HOW TO COMPLETE THIS TASK - Wherever the word "pose" appears in the entries, copy the whole line.
───── RECORDS FOR THIS EXERCISE ─────
(* Consider problem (P2) without the short-term power constraint, i.e., maximize $\mathbb{E}[R_\nu(P_\nu,\rho_\nu)]$ over policy pairs with $P_\nu\ge0$, $0\le\rho_\nu\le1$, subject to $\mathbb{E}[Q^{\rm NL}_\nu(P_\nu,\rho_\nu)]\ge Q$ and $\mathbb{E}[P_\nu]\le P_{\rm avg}$ (with $Q$ feasible). Given $\lambda,\mu>0$, let $Z(x)=\frac{1-\Omega}{P_sTax}$, $x_1=\frac{4\mu(1-\Omega)}{\lambda P_sTa}$, $x_2=\frac{\mu}{\lambda\Omega P_sTa}$ (so $x_2>x_1$), and for $h_\nu\ge x_1$ let $P^A_{{\rm o},\nu}=\frac1{h_\nu}\Big(-\frac1a\ln\Big(\frac{2}{1+\sqrt{1-4\mu Z(h_\nu)/\lambda}}-1\Big)+b\Big)$. Define $P'_{{\rm ID},\nu}=\max\{1/\mu-\sigma^2/h_\nu,0\}$ and $P'_{{\rm EH},\nu}=0$ if $h_\nu\le x_1$; $P'_{{\rm EH},\nu}=P^A_{{\rm o},\nu}$ if $x_1<h_\nu<x_2$ and $\lambda Q^{\rm NL}_\nu(P^A_{{\rm o},\nu},1)>\mu P^A_{{\rm o},\nu}$, and $0$ if $x_1<h_\nu<x_2$ otherwise; $P'_{{\rm EH},\nu}=P^A_{{\rm o},\nu}$ if $h_\nu\ge x_2$. Set $P_\nu=P'_{{\rm ID},\nu}+P'_{{\rm EH},\nu}$ and $\rho_\nu=0$ if $P_\nu=0$, $\rho_\nu=P'_{{\rm EH},\nu}/P_\nu$ otherwise. If $\lambda=\lambda^{\rm NL}>0$, $\mu=\mu^{\rm NL}>0$ are such that $\mathbb{E}[Q^{\rm NL}_\nu(P_\nu,\rho_\nu)]=Q$ and $\mathbb{E}[P_\nu]=P_{\rm avg}$, then $(P_\nu,\rho_\nu)$ is an optimal solution of this problem.
   Context: Standing model: constants $a,b,P_s,T,\sigma^2>0$ are fixed and $\Omega=1/(1+e^{ab})$. Fading is modeled on a probability space carrying independent random variables $h$ (channel power gain, values in $(0,\infty)$, $\mathbb{E}[h]<\infty$) and $U$ (uniform on $[0,1]$). A fading state is $\nu=(h_\nu,U_\nu)$, distributed as $(h,U)$; $\mathbb{E}$ is expectation over the fading state. A policy is a Borel measurable function of the fading state. For a fading state with gain $h_\nu$, transmit power $p\ge0$ and power-splitting ratio $\rho\in[0,1]$: $R_\nu(p,\rho)=\ln\big(1+(1-\rho)h_\nu p/\sigma^2\big)$ (rate, in nats); $\Psi_\nu(p,\rho)=1/(1+e^{-a(\rho h_\nu p-b)})$; $Q^{\rm NL}_\nu(p,\rho)=P_sT(\Psi_\nu(p,\rho)-\Omega)/(1-\Omega)$ (harvested energy). $P_{\rm avg}>0$ is the average power limit and $Q\ge0$ the average energy threshold. *)

From HB Require Import structures.
From mathcomp Require Import all_boot all_order all_algebra.
From mathcomp Require Import all_classical all_reals all_analysis.
Set Implicit Arguments. Unset Strict Implicit. Unset Printing Implicit Defensive.
Import Order.TTheory GRing.Theory Num.Theory.
Import numFieldNormedType.Exports.
Local Open Scope classical_set_scope.
Local Open Scope ring_scope.

Section model.
Context {R : realType}.

Definition Omg (a b : R) : R := (1 + expR (a * b))^-1.

(* R_nu(p,rho) = ln(1 + (1-rho) h p / sigma^2)  (nats) *)
Definition rate (sigma2 h p rho : R) : R := ln (1 + (1 - rho) * h * p / sigma2).

Definition Psi (a b h p rho : R) : R := (1 + expR (- (a * (rho * h * p - b))))^-1.

Definition QNL (a b Ps T h p rho : R) : R :=
  Ps * T * (Psi a b h p rho - Omg a b) / (1 - Omg a b).

(* the candidate policy, as a function of the channel gain x = h_nu *)
Definition Zf (a b Ps T x : R) : R := (1 - Omg a b) / (Ps * T * a * x).
Definition x1 (a b Ps T lam mu : R) : R := 4 * mu * (1 - Omg a b) / (lam * Ps * T * a).
Definition x2 (a b Ps T lam mu : R) : R := mu / (lam * Omg a b * Ps * T * a).
Definition PA (a b Ps T lam mu x : R) : R :=
  x^-1 * (- a^-1 * ln (2 / (1 + Num.sqrt (1 - 4 * mu * Zf a b Ps T x / lam)) - 1) + b).
Definition PID (sigma2 mu x : R) : R := Num.max (mu^-1 - sigma2 / x) 0.
Definition PEH (a b Ps T lam mu x : R) : R :=
  if x <= x1 a b Ps T lam mu then 0
  else if x < x2 a b Ps T lam mu then
    (if mu * PA a b Ps T lam mu x < lam * QNL a b Ps T x (PA a b Ps T lam mu x) 1
     then PA a b Ps T lam mu x else 0)
  else PA a b Ps T lam mu x.
Definition Pcand (a b Ps T sigma2 lam mu x : R) : R :=
  PID sigma2 mu x + PEH a b Ps T lam mu x.
Definition rhocand (a b Ps T sigma2 lam mu x : R) : R :=
  if Pcand a b Ps T sigma2 lam mu x == 0 then 0
  else PEH a b Ps T lam mu x / Pcand a b Ps T sigma2 lam mu x.

Context {d : measure_display} {Ox : measurableType d}.

Definition indep_rv (P : probability Ox R) (X Y : Ox -> R) : Prop :=
  forall A B : set R, measurable A -> measurable B ->
    P (X @^-1` A `&` Y @^-1` B) = (P (X @^-1` A) * P (Y @^-1` B))%E.

Definition uniform01 (P : probability Ox R) (U : Ox -> R) : Prop :=
  forall A : set R, measurable A ->
    P (U @^-1` A) = (@lebesgue_measure R) (A `&` `[0, 1]%classic).

Definition fading_model (P : probability Ox R) (h U : Ox -> R) : Prop :=
  [/\ measurable_fun setT h, measurable_fun setT U, (forall w, 0 < h w),
      P.-integrable setT (EFin \o h) & (indep_rv P h U /\ uniform01 P U)].
(* Fix an integer $m\ge 3$ and a finite complete graph $K$ on at least $m$ vertices. Set \[ \mathcal{O}=\max_{\nu\in\Delta^K}\bigl(2m\cdot\beta(\nu;C_m)+\beta(\nu;P_{m+1})\bigr). \] If $\mu\in\Delta^K$ achieves $\mathcal{O}$, then for all $x\in V(K)$, \[ \frac{m}{2}\bar\mu(x)+\bigl(1-\bar\mu(x)\bigr)^m+\frac{1}{2\mathcal{O}}\cdot\bar\mu(x)\Bigl(\frac{1-\bar\mu(x)}{m-1}\Bigr)^{m-1}\ge 1. \]
   Context: $C_m$ is the cycle on $m$ vertices and $P_{m+1}$ the path on $m+1$ vertices. $\Delta^K$ is the set of probability measures on $E(K)$. For $\mu\in\Delta^K$ and a subgraph $H'\subseteq K$, $\mu(H')=\prod_{e\in E(H')}\mu(e)$; $\beta(\mu;H)=\sum_{H'}\mu(H')$ over all subgraphs $H'$ of $K$ isomorphic to $H$; and $\bar\mu(x)=\sum_{y\in V(K)\setminus\{x\}}\mu(xy)$. *)

From HB Require Import structures.
From mathcomp Require Import all_boot all_order all_algebra.
From mathcomp Require Import reals.
Set Implicit Arguments. Unset Strict Implicit. Unset Printing Implicit Defensive.
Import Order.TTheory GRing.Theory Num.Theory.
Local Open Scope ring_scope.

(* The complete graph K on the finite vertex type V: its edges are the
   2-element subsets of V. A weight function assigns a real to each set of
   vertices; only its values on edges matter. *)
Definition is_edge (V : finType) (e : {set V}) : bool := #|e| == 2%N.

Definition in_simplex (R : realType) (V : finType) (mu : {set V} -> R) : Prop :=
  (forall e : {set V}, is_edge e -> 0 <= mu e) /\
  \sum_(e : {set V} | is_edge e) mu e = 1.

(* mu(H') = product of mu over edges of H' (H' given by its edge set). *)
Definition wt (R : realType) (V : finType) (mu : {set V} -> R)
  (F : {set {set V}}) : R := \prod_(e in F) mu e.

Definition is_cycle_edges (V : finType) (m : nat) (F : {set {set V}}) : bool :=
  [exists c : {ffun 'I_m -> V}, injectiveb c &&
     (F == [set [set c i; c (ordS i)] | i : 'I_m])].

Definition is_path_edges (V : finType) (m : nat) (F : {set {set V}}) : bool :=
  [exists p : {ffun 'I_m.+1 -> V}, injectiveb p &&
     (F == [set [set p (widen_ord (leqnSn m) i); p (lift ord0 i)] | i : 'I_m])].

Definition beta_cycle (R : realType) (V : finType) (m : nat)
  (mu : {set V} -> R) : R :=
  \sum_(F : {set {set V}} | is_cycle_edges m F) wt mu F.

Definition beta_path (R : realType) (V : finType) (m : nat)
  (mu : {set V} -> R) : R :=
  \sum_(F : {set {set V}} | is_path_edges m F) wt mu F.

Definition objective (R : realType) (V : finType) (m : nat)
  (nu : {set V} -> R) : R :=
  (2 * m)%:R * beta_cycle m nu + beta_path m nu.

Definition mubar (R : realType) (V : finType) (mu : {set V} -> R) (x : V) : R :=
  \sum_(y : V | y != x) mu [set x; y].

From HB Require Import structures.
From mathcomp Require Import all_boot all_order all_algebra.
From mathcomp Require Import reals.
From mathcomp Require Import ring lra zify.
Import Order.TTheory GRing.Theory Num.Theory.
Set Implicit Arguments. Unset Strict Implicit. Unset Printing Implicit Defensive.
Local Open Scope ring_scope.

(* Write the objective as O = sum_F c_F mu(F) over the edge sets F of m-cycles
   and of paths with m edges, and let d(F) be the number of edges of F at x;
   put b = mubar(x).  Comparing mu with two competitors gives
   - (edges at x removed, the others scaled by 1/(1-b)) the subgraphs with
     d(F) = 0 carry at most (1-b)^m O;
   - (edges at x scaled by 1 + t(1-b), the others by 1 - tb, t -> 0)
     sum_F c_F mu(F) d(F) <= m b O.
   Since 1 <= [d = 0] + d/2 + [d = 1]/2, and cycles never have d = 1, this gives
   O <= (1-b)^m O + m b O/2 + E/2 with E the weight of the paths having x as an
   endpoint.  Growing such a path from x one edge at a time and applying AM-GM,
   E <= b ((1-b)/(m-1))^(m-1): the first edge is one of the edges at x, of total
   weight b, and the others avoid x, whose edges have total weight 1-b. *)

Section RealDomainInequalities.
Variable R : realDomainType.

Lemma sub_ler_sum (I : finType) (P Q : pred I) (f : I -> R) :
  (forall i, P i -> Q i) -> (forall i, Q i -> 0 <= f i) ->
  \sum_(i | P i) f i <= \sum_(i | Q i) f i.
Proof.
move=> PQ f_ge0; rewrite [X in _ <= X](bigID P) /=.
rewrite (eq_bigl P) => [|i]; last by case Pi: (P i); rewrite ?andbT ?andbF ?PQ.
by rewrite lerDl; apply: sumr_ge0 => i /andP[/f_ge0].
Qed.

Lemma bernoulli_ineq (x : R) n : -1 <= x -> 1 + n%:R * x <= (1 + x) ^+ n.
Proof.
move=> x_ge; elim: n => [|n IHn]; first by rewrite mul0r addr0 expr0.
have x1_ge0 : 0 <= 1 + x by lra.
rewrite exprS; apply: le_trans (ler_wpM2l x1_ge0 IHn).
have : 0 <= n%:R * x ^+ 2 :> R by rewrite mulr_ge0 ?ler0n ?sqr_ge0.
by rewrite -natr1; nra.
Qed.

Lemma bernoulli_mul_ineq (u w : R) d k : 0 <= u -> 0 <= w <= 1 ->
  (1 + d%:R * u) * (1 - k%:R * w) <= (1 + u) ^+ d * (1 - w) ^+ k.
Proof.
move=> u_ge0 /andP[w_ge0 w_le1].
have up : 1 + d%:R * u <= (1 + u) ^+ d by apply: bernoulli_ineq; lra.
have wp : 1 - k%:R * w <= (1 - w) ^+ k.
  by rewrite -mulrN; apply: bernoulli_ineq; lra.
apply: le_trans (_ : (1 + d%:R * u) * (1 - w) ^+ k <= _).
  by rewrite ler_wpM2l // addr_ge0 ?mulr_ge0 ?ler0n.
by rewrite ler_wpM2r // exprn_ge0 // subr_ge0.
Qed.

End RealDomainInequalities.

Section RealFieldInequalities.
Variable R : realFieldType.

Lemma le0_of_small_mul_ub (t0 M L : R) : 0 < t0 -> 0 <= M ->
  (forall t, 0 < t -> t <= t0 -> L <= t * M) -> L <= 0.
Proof.
move=> t0_gt0 M_ge0 ub; rewrite leNgt; apply/negP => L_gt0.
pose t := Order.min t0 (L / (M + 1)).
have M1_gt0 : 0 < M + 1 by lra.
have t_gt0 : 0 < t by rewrite lt_min t0_gt0 divr_gt0.
have : t * (M + 1) <= L by rewrite -ler_pdivlMr // ge_min lexx orbT.
have t_le_t0 : t <= t0 by rewrite ge_min lexx.
by have := ub t t_gt0 t_le_t0; nra.
Qed.

Lemma AGM_step (a c : R) k : 0 <= a -> 0 <= c ->
  a * (c / k%:R) ^+ k <= ((a + c) / k.+1%:R) ^+ k.+1.
Proof.
move=> a_ge0 c_ge0; case: k => [|k]; first by rewrite expr0 mulr1 expr1 divr1; lra.
pose E (i : 'I_k.+2) := if i == ord0 then a else c / k.+1%:R.
have E_ge0 : {in predT, forall i, 0 <= E i}.
  by move=> i _; rewrite /E; case: eqP => // _; rewrite divr_ge0 ?ler0n.
have sumE : \sum_(i in predT) E i = a + c.
  rewrite (eq_bigl xpredT) // big_ord_recl /E /= sumr_const card_ord.
  by rewrite -[c / _ *+ _]mulr_natr divfK // pnatr_eq0.
have := (leif_AGM E_ge0).1; rewrite /= sumE cardT size_enum_ord.
by rewrite big_ord_recl /E /= prodr_const card_ord.
Qed.

End RealFieldInequalities.

Lemma ordS_neq m (i : 'I_m) : (2 <= m)%N -> ordS i != i.
Proof.
move=> m_ge2; apply/eqP => /(congr1 val) /=; have := ltn_ord i.
case: (ltngtP i.+1 m) => [lt_im|//|eq_im]; first by rewrite modn_small //; lia.
by rewrite eq_im modnn; lia.
Qed.

Lemma ordSS_neq m (i : 'I_m) : (3 <= m)%N -> ordS (ordS i) != i.
Proof.
move=> m_ge3; apply/eqP => /(congr1 val) /=; have := ltn_ord i.
case: (ltngtP i.+1 m) => [lt_im|//|eq_im]; last by rewrite eq_im modnn modn_small; lia.
rewrite (modn_small lt_im); case: (ltngtP i.+2 m) => [lt_i2m|gt_i2m|eq_i2m].
- by rewrite modn_small //; lia.
- lia.
- by rewrite eq_i2m modnn; lia.
Qed.

Lemma set2_eq_mem (V : finType) (a b c d : V) :
  [set a; b] = [set c; d] -> (a == c) || (a == d).
Proof. by move=> abcd; have := set21 a b; rewrite abcd in_set2. Qed.

Definition deg (V : finType) (x : V) (F : {set {set V}}) : nat :=
  #|[set e in F | x \in e]|.

Lemma deg_le_card (V : finType) (x : V) F : (deg x F <= #|F|)%N.
Proof. by apply/subset_leq_card/subsetP => e; rewrite inE => /andP[]. Qed.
─────
TASK RESPONSE -
pose t := Order.min t0 (L / (M + 1)).
pose E (i : 'I_k.+2) := if i == ord0 then a else c / k.+1%:R.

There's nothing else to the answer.